Determination of Amlodipine Besilate and Azilsartan Medoxomil by UHPLC, HPTLC and Spectrophotometric Techniques

Abstract

Aims: To develop methods with complete validation according to ICH guidelines and to be applied for the determination of both drugs in laboratory prepared mixtures and in synthetic tablets.
 Study Design: Ultra high performance liquid chromatography (UHPLC), High performance thin layer chromatography (HPTLC) and visible spectrophotometric methods are developed for determination of amlodipine besilate and azilsartan medoxomil in laboratory-prepared mixtures and in synthetic tablets.

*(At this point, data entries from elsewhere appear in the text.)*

Lemma sum_f_R0_convex_comb (a u v : nat -> R) l n :
  (forall k, (k <= n)%nat -> a k <= l * u k + (1 - l) * v k) ->
  sum_f_R0 a n <= l * sum_f_R0 u n + (1 - l) * sum_f_R0 v n.
Proof.
  induction n as [| n IHn]; intros Hle; simpl.
  - exact (Hle 0%nat (Nat.le_refl 0)).
  - generalize (IHn (fun k Hk => Hle k (Nat.le_le_succ_r _ _ Hk)))
               (Hle (S n) (Nat.le_refl _)).
    lra.
Qed.

Lemma objective_convex K beta alpha L Rk Vd :
  (1 <= K)%nat -> 0 < beta < 1 ->
  (forall k, (k < K)%nat -> 0 < alpha k /\ 0 < L k /\ 0 < Vd k /\ 0 < Rk k) ->
  convex_pos_vec K (objective K alpha L Rk Vd beta).
Proof.
  intros HK Hb Hpar t1 v1 t2 v2 l Hpts Hl. unfold objective.
  apply sum_f_R0_convex_comb; intros k Hk.
  assert (HkK : (k < K)%nat) by lia.
  destruct (Hpar k HkK) as (Ha & HL & HV & HRk).
  destruct (Hpts k HkK) as (H1 & H2 & H3 & H4).
  generalize (Dhat_convex (L k) (Rk k) (Vd k) beta HL HRk HV Hb
                (t1 k) (v1 k) (t2 k) (v2 k) l H1 H2 H3 H4 Hl); intros Hconv.
  apply Rmult_le_compat_l with (r := alpha k) in Hconv; lra.
Qed.

Theorem theorem3 (K : nat) (beta VcTot : R) (alpha L Rk Vd : nat -> R) :
  (1 <= K)%nat ->
  0 < beta < 1 ->
  0 < VcTot ->
  (forall k, (k < K)%nat -> 0 < alpha k /\ 0 < L k /\ 0 < Vd k /\ 0 < Rk k) ->
  sum_f_R0 alpha (K - 1) = 1 ->
  (forall k, (k < K)%nat ->
     (forall t Vc, 0 < t -> 0 < Vc ->
        continuous (fun p : R * R => Dhat (L k) (Rk k) (Vd k) beta (fst p) (snd p))
          (t, Vc))
     /\ convex_pos2 (Dhat1 (L k) (Rk k) (Vd k) beta)
     /\ convex_pos2 (Dhat2 (L k) (Rk k) (Vd k) beta))
  /\ convex_pos_vec K (objective K alpha L Rk Vd beta).
Proof.
  (* The budgets VcTot and sum alpha = 1 constrain Problem 4 but not its convexity. *)
  intros HK Hb _ Hpar _. split.
  - intros k Hk. destruct (Hpar k Hk) as (_ & HL & HV & HRk).
    split; [| split].
    + intros t c Ht Hc. apply Dhat_continuous; lra.
    + apply Dhat1_convex; lra.
    + apply Dhat2_convex; lra.
  - exact (objective_convex K beta alpha L Rk Vd HK Hb Hpar).
Qed.
(* Parameters of the construction:
   plen i j  : P_(i,j) has (plen i j).+1 vertices when (i,j) has degree 4
               (any nonempty path), and 1 vertex otherwise;
   hsub i j  : number of subdivision vertices on edge (i,j)(i+1,j);
   vsub i j  : number of subdivision vertices on edge (i,j)(i,j+1);
   pat i j   : attachment pattern used at (i,j) (relevant when P_(i,j) has
               at least 2 vertices). *)
Record pgparams := PGParams {
  plen : nat -> nat -> nat;
  hsub : nat -> nat -> nat;
  vsub : nat -> nat -> nat;
  pat  : nat -> nat -> pattern }.

Section Pseudogrid.
Variables (a : nat) (P : pgparams).

Definition deg4 (i j : nat) : bool := (2 <= i <= a - 1) && (2 <= j <= a - 1).

Definition vlen (i j : nat) : nat := if deg4 i j then (plen P i j).+1 else 1.

(* whether the neighbour in direction d is attached to the endpoint p *)
Definition onp (q : pattern) (d : dir) : bool :=
  match q, d with
  | Q1, dW | Q1, dS => true
  | Q2, dN | Q2, dW => true
  | Q3, dW | Q3, dE => true
  | _, _ => false
  end.

Definition attach (i j : nat) (d : dir) : node :=
  (0, i, j, if onp (pat P i j) d then 0 else (vlen i j).-1).

Definition is_vertex (x : node) : Prop :=
  match x with
  | (0, i, j, k) => [/\ 1 <= i <= a, 1 <= j <= a & k < vlen i j]
  | (1, i, j, k) => [/\ 1 <= i < a, 1 <= j <= a & k < hsub P i j]
  | (2, i, j, k) => [/\ 1 <= i <= a, 1 <= j < a & k < vsub P i j]
  | _ => False
  end.

Definition vseq (i j : nat) : seq node := [seq (0, i, j, k) | k <- iota 0 (vlen i j)].
Definition hseq (i j : nat) : seq node :=
  attach i j dE :: [seq (1, i, j, k) | k <- iota 0 (hsub P i j)] ++ [:: attach i.+1 j dW].
Definition vertseq (i j : nat) : seq node :=
  attach i j dN :: [seq (2, i, j, k) | k <- iota 0 (vsub P i j)] ++ [:: attach i j.+1 dS].

Definition piece (s : seq node) : Prop :=
  exists i j,
    [/\ 1 <= i <= a, 1 <= j <= a & s = vseq i j] \/
    [/\ 1 <= i < a, 1 <= j <= a & s = hseq i j] \/
    [/\ 1 <= i <= a, 1 <= j < a & s = vertseq i j].

Definition consecutive (x y : node) (s : seq node) : Prop :=
  exists s1 s2, s = s1 ++ [:: x, y & s2].

Definition adj (x y : node) : Prop :=
  exists s, piece s /\ (consecutive x y s \/ consecutive y x s).

Definition gpath_between (p : seq node) (x y : node) : Prop :=
  [/\ uniq p,
      (forall z, z \in p -> is_vertex z),
      (forall k, k.+1 < size p -> adj (nth x p k) (nth x p k.+1)),
      head y p = x & last x p = y] /\ p <> [::].

(* x lies in column c of G, i.e. on the union of the paths
   \bar P_{(c,j)(c,j+1)}, 1 <= j < a *)
Definition in_column (c : nat) (x : node) : Prop :=
  is_vertex x /\
  match x with
  | (0, i, _, _) | (2, i, _, _) => i = c
  | _ => False
  end.
Definition noninterf_one (a b : program) (h : nat) (chi : fml) : Prop :=
  (forall z, FV chi z -> BV b z -> z = VR mu \/ z = VR mu' \/ z = VT h)
  /\ (forall ch, CN_X (fun h' => Nat.eqb h' h) chi ch -> CN b ch -> CN a ch).

Definition noninterf (a b : program) (h : nat) (A C psi : fml) : Prop :=
  noninterf_one a b h A /\ noninterf_one a b h C /\ noninterf_one a b h psi.

From Stdlib Require Import Reals List Bool Classical FunctionalExtensionality.

(** The traces [tau] and [tau |> alpha] differ only by events on channels of
    [beta] that are not channels of [alpha]; noninterference says
    that [A], [C] and [psi] cannot observe such channels on the recorder [h], so
    they may be dropped from the recorded trace one channel at a time. For (2),
    the final states [w] and [w_alpha] moreover differ only on the finitely many
    real variables that [beta] changes and [alpha] does not bind; [psi] reads
    none of them, except possibly [mu] and [mu'], on which the runs agree. *)

Lemma state_ext (u u' : state) :
  (forall x, rst u x = rst u' x) -> (forall k, tst u k = tst u' k) -> u = u'.
Proof.
  destruct u, u'; simpl; intros Hr Ht.
  f_equal; apply functional_extensionality; assumption.
Qed.

Lemma fml_agree_except (phi : fml) (u u' : state) (z : var) :
  agree_except u u' z -> (FV phi z -> val_eq u u' z) -> (phi u <-> phi u').
Proof.
  intros Hagree Hz.
  destruct (classic (FV phi z)) as [Hfv | Hnfv].
  - assert (Hval : forall z', val_eq u u' z').
    { intro z'; destruct (classic (z' = z)) as [-> | Hne]; auto. }
    rewrite (state_ext u u'); [tauto | |].
    + intro x; exact (Hval (VR x)).
    + intro k; exact (Hval (VT k)).
  - apply NNPP; intro Hdiff; apply Hnfv.
    exists u, u'; split; assumption.
Qed.

Lemma rvar_eq_dec (x y : rvar) : {x = y} + {x <> y}.
Proof. decide equality; apply Nat.eq_dec. Qed.

Definition set_rvar (u : state) (x : rvar) (r : R) : state :=
  mkState (fun y => if rvar_eq_dec y x then r else rst u y) (tst u).

Lemma fml_agree_off_rvars (phi : fml) (L : list rvar) (u u' : state) :
  (forall k, tst u k = tst u' k) ->
  (forall x, ~ In x L -> rst u x = rst u' x) ->
  (forall x, FV phi (VR x) -> rst u x = rst u' x) ->
  (phi u <-> phi u').
Proof.
  revert u; induction L as [|x L IH]; intros u Ht Hoff Hfv.
  - rewrite (state_ext u u'); [tauto | | exact Ht].
    intro x; apply Hoff; simpl; tauto.
  - transitivity (phi (set_rvar u x (rst u' x))).
    + apply fml_agree_except with (z := VR x).
      * intros [y | k] Hne; simpl; [| reflexivity].
        destruct (rvar_eq_dec y x) as [-> | _]; [congruence | reflexivity].
      * intro Hx; simpl; destruct (rvar_eq_dec x x) as [_ | []]; auto.
    + apply IH; simpl; [exact Ht | |].
      * intros y Hy; destruct (rvar_eq_dec y x) as [-> | Hne]; [reflexivity |].
        apply Hoff; simpl; intros [E | E]; [congruence | contradiction].
      * intros y Hy; destruct (rvar_eq_dec y x) as [-> |]; auto.
Qed.

Lemma in_proj (e : event) (t : trace) (P : nat -> bool) :
  In e (proj t P) <-> In e t /\ P (ev_ch e) = true.
Proof. apply filter_In. Qed.

Lemma in_chans_iff (L : list nat) (c : nat) : in_chans L c = true <-> In c L.
Proof.
  unfold in_chans; rewrite existsb_exists; split.
  - intros (d & Hd & E); apply Nat.eqb_eq in E; subst; exact Hd.
  - intro Hc; exists c; split; [exact Hc | apply Nat.eqb_refl].
Qed.

Lemma in_proj_on (e : event) (t : trace) (L : list nat) :
  In e (proj_on t L) <-> In e t /\ In (ev_ch e) L.
Proof. unfold proj_on; rewrite in_proj, in_chans_iff; reflexivity. Qed.

Lemma proj_app (t1 t2 : trace) (P : nat -> bool) :
  proj (t1 ++ t2) P = proj t1 P ++ proj t2 P.
Proof. apply filter_app. Qed.

Lemma proj_proj (t : trace) (P Q : nat -> bool) :
  proj (proj t P) Q = proj t (fun c => P c && Q c).
Proof.
  unfold proj; induction t as [|e t IH]; simpl; [reflexivity |].
  destruct (P (ev_ch e)); simpl; destruct (Q (ev_ch e)); simpl; rewrite ?IH; reflexivity.
Qed.

Lemma proj_idem (t : trace) (P : nat -> bool) : proj (proj t P) P = proj t P.
Proof.
  rewrite proj_proj; apply filter_ext; intro e; destruct (P (ev_ch e)); reflexivity.
Qed.

Lemma proj_comm (t : trace) (P Q : nat -> bool) :
  proj (proj t P) Q = proj (proj t Q) P.
Proof.
  rewrite !proj_proj; apply filter_ext; intro e; apply andb_comm.
Qed.

Lemma proj_id (t : trace) (P : nat -> bool) :
  (forall e, In e t -> P (ev_ch e) = true) -> proj t P = t.
Proof.
  unfold proj; induction t as [|e t IH]; intro HP; simpl; [reflexivity |].
  rewrite HP by (left; reflexivity); f_equal.
  apply IH; intros e' He'; apply HP; right; exact He'.
Qed.

Lemma rec_app_drop_chan (phi : fml) (h : nat) (u : state) (t : trace) (c : nat) :
  ~ CN_X (fun k => Nat.eqb k h) phi c ->
  (phi (rec_app u h (proj t (fun d => negb (Nat.eqb d c)))) <-> phi (rec_app u h t)).
Proof.
  intro Hc; apply NNPP; intro Hdiff; apply Hc.
  eexists; eexists; split; [| exact Hdiff].
  split; intro k; simpl; [reflexivity |].
  destruct (Nat.eqb k h); [| reflexivity].
  rewrite !proj_app, proj_idem; reflexivity.
Qed.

 Methodology: Two techniques have been developed for the simultaneous determination of amlodipine besilate and azilsartan medoxomil in pure form and synthetic tablets. The first was UHPLC in which separation was achieved on a C18 column using 0.1% o-phosphoric acid - acetonitrile - methanol (60:10:30, by volume) as mobile phase with detection at 243nm. The second was HPTLC where separation was performed on silica gel 60 F254 plates using chloroform- tolune-methanol-glacial acetic acid (7: 1.5: 1.5: 0.5 by volume) as a developing system and UV detection at 243nm. In addition, visible- spectrophotometric method was developed for determination of amlodipine besilate in presence of azilsartan medoxomil through formation of yellowish orange colored product after reaction of amlodipine besilate with anisaldehde in acid medium with λmax at 443 nm.
 Results: UHPLC method was linear over the concentration ranges of 2-20 μg/ mL and 4-40 μg/ mL while HPTLC method was linear over the concentration ranges of 0.2 -4.0 μg/ spot and 0.5-8.0 μg/ spot for amlodipine besilate and azilsartan medoxomil, respectively. The visible spectrophotometric method was found to be valid over the concentration range of 10–80 μg/mL for amlodipine besilate.
 Conclusion: The proposed three techniques are rapid, accurate and precise, thus can be effectively applied for the routine estimation of both drugs in bulk and in their combined formulations.